What the task asks: Within the data beneath, some lines may hold the word "sgraph". Give the number of those lines and nothing else.

★ ★ ★ ★

(* Let $k\ge 3$, let $G_1,\ldots,G_k$ be a finite sequence of pairwise disjoint connected graphs and let $x_i\in V(G_i)$. Let $G$ be the circuit of the graphs $\{G_i\}_{i=1}^k$ with respect to the vertices $\{x_i\}_{i=1}^k$. Then $$SO(G)>\frac{|d_{x_1}-d_{x_k}|}{\sqrt{2}}+\sum_{i=1}^{k}SO(G_i)+\sum_{i=1}^{k-1}\frac{|d_{x_i}-d_{x_{i+1}}|}{\sqrt{2}},$$ where $d_v$ denotes the degree of $v$ in $G$.
   Context: All graphs are finite and simple. For a graph $H$, $SO(H)=\sum_{uv\in E(H)}\sqrt{d_u^2+d_v^2}$, where $d_u$ is the degree of $u$ in $H$ (the Sombor index). The circuit of $G_1,\ldots,G_k$ with respect to $x_1,\ldots,x_k$ is the graph obtained from the disjoint union of $G_1,\ldots,G_k$ and a cycle $C_k$ with vertices $c_1,\ldots,c_k$ in cyclic order, by identifying $x_i$ with $c_i$ for each $i$ (so the edges $x_ix_{i+1}$, $1\le i\le k-1$, and $x_kx_1$ are added). *)

From HB Require Import structures.
From mathcomp Require Import all_boot all_order all_algebra.
From mathcomp Require Import reals.
Set Implicit Arguments. Unset Strict Implicit. Unset Printing Implicit Defensive.
Import Order.TTheory GRing.Theory Num.Theory.
Local Open Scope ring_scope.

Record sgraph := SGraph {
  vert : finType;
  adj : rel vert;
  adj_sym : symmetric adj;
  adj_irr : irreflexive adj }.

Definition connected_graph (G : sgraph) : Prop :=
  forall u v : vert G, connect (@adj G) u v.

Definition deg (T : finType) (e : rel T) (u : T) : nat := #|[set v | e u v]|.

(* Sombor index: sum over edges uv of sqrt(d_u^2 + d_v^2); each unordered edge
   is counted twice among ordered adjacent pairs, hence the factor 1/2. *)
Definition SO (R : realType) (T : finType) (e : rel T) : R :=
  2^-1 * \sum_(p : T * T | e p.1 p.2)
           Num.sqrt ((deg e p.1)%:R ^+ 2 + (deg e p.2)%:R ^+ 2).

Definition SOg (R : realType) (G : sgraph) : R := SO R (@adj G).

(* The circuit of G_0,...,G_{k-1} w.r.t. x_0,...,x_{k-1}: vertex set is the
   disjoint union {i : 'I_k & vert (G i)}; edges are the edges inside each G_i
   plus the cycle edges x_i x_{i+1 mod k}. *)
Definition circ_vert k (G : 'I_k -> sgraph) : finType :=
  {i : 'I_k & vert (G i)}.

Definition circ_adj k (G : 'I_k -> sgraph) (x : forall i, vert (G i)) :
    rel (circ_vert G) :=
  fun u v =>
    ((tag u == tag v) && @adj (G (tag u)) (tagged u) (tagged_as u v))
    || [exists i : 'I_k,
          ((u == Tagged (fun j => vert (G j)) (x i))
            && (v == Tagged (fun j => vert (G j)) (x (ordS i))))
       || ((v == Tagged (fun j => vert (G j)) (x i))
            && (u == Tagged (fun j => vert (G j)) (x (ordS i))))].

Arguments circ_adj {k} G x.

(* degree in the circuit G of the vertex x_i (0-indexed, i < k; 0 otherwise) *)
Definition dx k (G : 'I_k -> sgraph) (x : forall i, vert (G i)) (i : nat) : nat :=
  match (insub i : option 'I_k) with
  | Some j => deg (circ_adj G x) (Tagged (fun j => vert (G j)) (x j))
  | None => 0%N
  end.

Arguments dx {k} G x i.

From HB Require Import structures.
From mathcomp Require Import all_boot all_order all_algebra.
From mathcomp Require Import reals lra zify.
Import Order.TTheory GRing.Theory Num.Theory.
Local Open Scope ring_scope.
Set Implicit Arguments. Unset Strict Implicit.

(* Split the ordered adjacent pairs of the circuit into pairs inside one G_i
   and pairs across two of them.  Inside G_i every degree can only grow, so
   these pairs contribute at least the sum of the SO(G_i).  Across, each cycle
   edge x_i x_(i+1) appears in both orientations (distinct since k >= 3), and
   its weight sqrt(a^2 + b^2) strictly exceeds |a - b| / sqrt 2 because
   a = d_(x_i) > 0. *)

Lemma val_ordS n (i : 'I_n) : nat_of_ord (ordS i) = if i.+1 == n then 0%N else i.+1.
Proof.
case: eqP => [Si_eq | Si_neq]; first by rewrite /= Si_eq modnn.
by rewrite /= modn_small // ltn_neqAle (ltn_ord i) andbT; apply/eqP.
Qed.

Lemma ordS_neq n (i : 'I_n) : (1 < n)%N -> ordS i != i.
Proof.
move=> n_gt1; apply/eqP => /(congr1 (@nat_of_ord n)); rewrite val_ordS.
by have := ltn_ord i; case: eqP; lia.
Qed.

Lemma ordSS_neq n (i : 'I_n) : (2 < n)%N -> ordS (ordS i) != i.
Proof.
move=> n_gt2; apply/eqP => /(congr1 (@nat_of_ord n)); rewrite !val_ordS.
by have := ltn_ord i; case: eqP; case: eqP; lia.
Qed.

Lemma ler_sum_inj (R : numDomainType) (I J : finType) (h : I -> J)
    (P : pred I) (Q : pred J) (F : J -> R) :
  injective h -> (forall i, P i -> Q (h i)) -> (forall j, Q j -> 0 <= F j) ->
  \sum_(i | P i) F (h i) <= \sum_(j | Q j) F j.
Proof.
move=> h_inj PQ F_ge0.
rewrite -(big_imset _ (in2W h_inj)) /= (bigID (mem (h @: P)) Q) /=.
rewrite ler_wpDr ?sumr_ge0 // => [j /andP[/F_ge0]//|].
rewrite [leRHS](eq_bigl (mem (h @: P))) // => j.
by apply/andP/idP => [[] // | /imsetP[i iP ->]]; split; [apply: PQ | apply: imset_f].
Qed.

Lemma cyclic_sum (V : nmodType) n (F : nat -> nat -> V) : (0 < n)%N ->
  \sum_(i < n) F i (ordS i) = F n.-1 0%N + \sum_(0 <= i < n.-1) F i i.+1.
Proof.
case: n => // n _; rewrite big_ord_recr /= modnn big_mkord addrC; congr (_ + _).
by apply: eq_bigr => i _; rewrite /= modn_small // ltnS ltn_ord.
Qed.

Lemma normB_div_sqrt2_lt (R : rcfType) (a b : R) : a + b != 0 ->
  `|a - b| / Num.sqrt 2 < Num.sqrt (a ^+ 2 + b ^+ 2).
Proof.
move=> ab_neq0; have ab2_gt0 : 0 < (a + b) ^+ 2 by rewrite exprn_even_gt0.
rewrite ltr_pdivrMr ?sqrtr_gt0 ?ltr0n // -sqrtrM ?addr_ge0 ?sqr_ge0 //.
by rewrite -sqrtr_sqr ltr_sqrt; nra.
Qed.

Definition sombor_weight (R : realType) (T : finType) (e : rel T) (u v : T) : R :=
  Num.sqrt ((deg e u)%:R ^+ 2 + (deg e v)%:R ^+ 2).

Lemma SOE (R : realType) (T : finType) (e : rel T) :
  SO R e = 2^-1 * \sum_(p : T * T | e p.1 p.2) sombor_weight R e p.1 p.2.
Proof. by []. Qed.

Lemma sombor_weightC (R : realType) (T : finType) (e : rel T) (u v : T) :
  sombor_weight R e u v = sombor_weight R e v u.
Proof. by rewrite /sombor_weight addrC. Qed.

Lemma ler_sombor_weight (R : realType) (T T' : finType) (e : rel T) (e' : rel T')
    (u v : T) (u' v' : T') :
  (deg e u <= deg e' u')%N -> (deg e v <= deg e' v')%N ->
  sombor_weight R e u v <= sombor_weight R e' u' v'.
Proof.
move=> le_u le_v; rewrite ler_sqrt ?addr_ge0 ?exprn_ge0 ?ler0n //.
by apply: lerD; rewrite -!natrX ler_nat leq_exp2r.
Qed.

Section Circuit.

Variables (k : nat) (G : 'I_k -> sgraph) (x : forall i, vert (G i)).

Local Notation inc a := (Tagged (fun j => vert (G j)) a).
Local Notation hub i := (inc (x i)).
Local Notation e := (circ_adj G x).

Lemma circ_adj_inc i (a b : vert (G i)) : adj a b -> e (inc a) (inc b).
Proof. by move=> ab; rewrite /circ_adj /= eqxx tagged_asE ab. Qed.

Lemma deg_le_circ i (a : vert (G i)) : (deg (@adj (G i)) a <= deg e (inc a))%N.
Proof.
have inc_inj : injective (fun b : vert (G i) => inc b).
  by move=> b c /(congr1 (tagged_as (inc b))); rewrite !tagged_asE.
rewrite /deg -(card_imset _ inc_inj); apply/subset_leq_card/subsetP => w /imsetP[b].
by rewrite !inE => ab ->; apply: circ_adj_inc.
Qed.

Lemma circ_adj_hubS i : e (hub i) (hub (ordS i)).
Proof. by apply/orP; right; apply/existsP; exists i; rewrite !eqxx. Qed.

Lemma circ_adj_Shub i : e (hub (ordS i)) (hub i).
Proof. by apply/orP; right; apply/existsP; exists i; rewrite !eqxx orbT. Qed.

Lemma deg_hub_gt0 i : (0 < deg e (hub i))%N.
Proof.
rewrite /deg card_gt0; apply/set0Pn; exists (hub (ordS i)).
by rewrite inE circ_adj_hubS.
Qed.

Lemma dxE (i : 'I_k) : dx G x i = deg e (hub i).
Proof. by rewrite /dx valK. Qed.

Variable R : realType.

Lemma sum_SOg_le :
  \sum_(i < k) SOg R (G i) <=
  2^-1 * \sum_(p | e p.1 p.2 && (tag p.1 == tag p.2)) sombor_weight R e p.1 p.2.
Proof.
rewrite /SOg; under eq_bigr do rewrite SOE.
rewrite -mulr_sumr ler_pM2l ?invr_gt0 ?ltr0n //.
rewrite (sig_big_dep (J := fun i => (vert (G i) * vert (G i))%type) xpredT
  (fun i q => adj q.1 q.2) (fun i q => sombor_weight R (@adj (G i)) q.1 q.2)) /=.
pose h (s : {i : 'I_k & (vert (G i) * vert (G i))%type}) :=
  (inc (tagged s).1, inc (tagged s).2).
pose h' (p : circ_vert G * circ_vert G) :=
  Tagged (fun i => (vert (G i) * vert (G i))%type) (tagged p.1, tagged_as p.1 p.2).
have hK : cancel h h' by case=> i [a b]; rewrite /h /h' /= tagged_asE.
apply: le_trans (ler_sum_inj (P := fun s => adj (tagged s).1 (tagged s).2)
  (can_inj hK) _ _).
- by apply: ler_sum => -[i [a b]] _; apply: ler_sombor_weight; apply: deg_le_circ.
- by case=> i [a b] /= ab; rewrite eqxx andbT circ_adj_inc.
- by move=> p _; apply: sqrtr_ge0.
Qed.

Lemma sum_hub_weights_le : (2 < k)%N ->
  2 * \sum_(i < k) sombor_weight R e (hub i) (hub (ordS i)) <=
  \sum_(p | e p.1 p.2 && (tag p.1 != tag p.2)) sombor_weight R e p.1 p.2.
Proof.
move=> k_gt2.
pose h (j : 'I_k + 'I_k) :=
  match j with inl i => (hub i, hub (ordS i)) | inr i => (hub (ordS i), hub i) end.
have h_inj : injective h.
  move=> [i|i] [j|j] hij; have /= ij := congr1 (fun p => tag p.1) hij;
    have /= ij' := congr1 (fun p => tag p.2) hij.
  - by rewrite ij.
  - by move: (ordSS_neq j k_gt2); rewrite -ij ij' eqxx.
  - by move: (ordSS_neq i k_gt2); rewrite ij -ij' eqxx.
  - by rewrite ij'.
apply: le_trans (ler_sum_inj (P := xpredT) h_inj _ _).
- rewrite big_sumType /= mulr2n mulrDl mul1r lerD //.
  by apply: ler_sum => i _; rewrite sombor_weightC.
- case=> i _ /=.
  + by rewrite circ_adj_hubS eq_sym ordS_neq // ltnW.
  + by rewrite circ_adj_Shub ordS_neq // ltnW.
- by move=> p _; apply: sqrtr_ge0.
Qed.

Lemma sum_hub_dist_lt : (0 < k)%N ->
  `|(dx G x 0)%:R - (dx G x k.-1)%:R| / Num.sqrt 2
  + \sum_(0 <= i < k.-1) `|(dx G x i)%:R - (dx G x i.+1)%:R| / Num.sqrt 2
  < \sum_(i < k) sombor_weight R e (hub i) (hub (ordS i)).
Proof.
move=> k_gt0; rewrite distrC.
rewrite -(cyclic_sum (fun a b => `|(dx G x a)%:R - (dx G x b)%:R| / Num.sqrt 2 : R) k_gt0).
apply: ltr_sum => [|i _]; first by apply/hasP; exists (Ordinal k_gt0); rewrite ?mem_index_enum.
rewrite !dxE; apply: normB_div_sqrt2_lt.
by rewrite -natrD pnatr_eq0 -lt0n addn_gt0 deg_hub_gt0.
Qed.

End Circuit.

Theorem mainTheorem3 (R : realType) (k : nat) (hk : (3 <= k)%N)
    (G : 'I_k -> sgraph) (hconn : forall i, connected_graph (G i))
    (x : forall i, vert (G i)) :
  SO R (circ_adj G x) >
    `|(dx G x 0)%:R - (dx G x k.-1)%:R| / Num.sqrt 2
    + \sum_(i < k) SOg R (G i)
    + \sum_(0 <= i < k.-1) `|(dx G x i)%:R - (dx G x i.+1)%:R| / Num.sqrt 2.
Proof.
rewrite SOE (bigID (fun p => tag p.1 == tag p.2)) /= mulrDr.
have := sum_SOg_le x R.
have := sum_hub_weights_le x R hk.
have := sum_hub_dist_lt x R (ltnW (ltnW hk)).
lra.
Qed.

★ ★ ★ ★

Result for this task: 8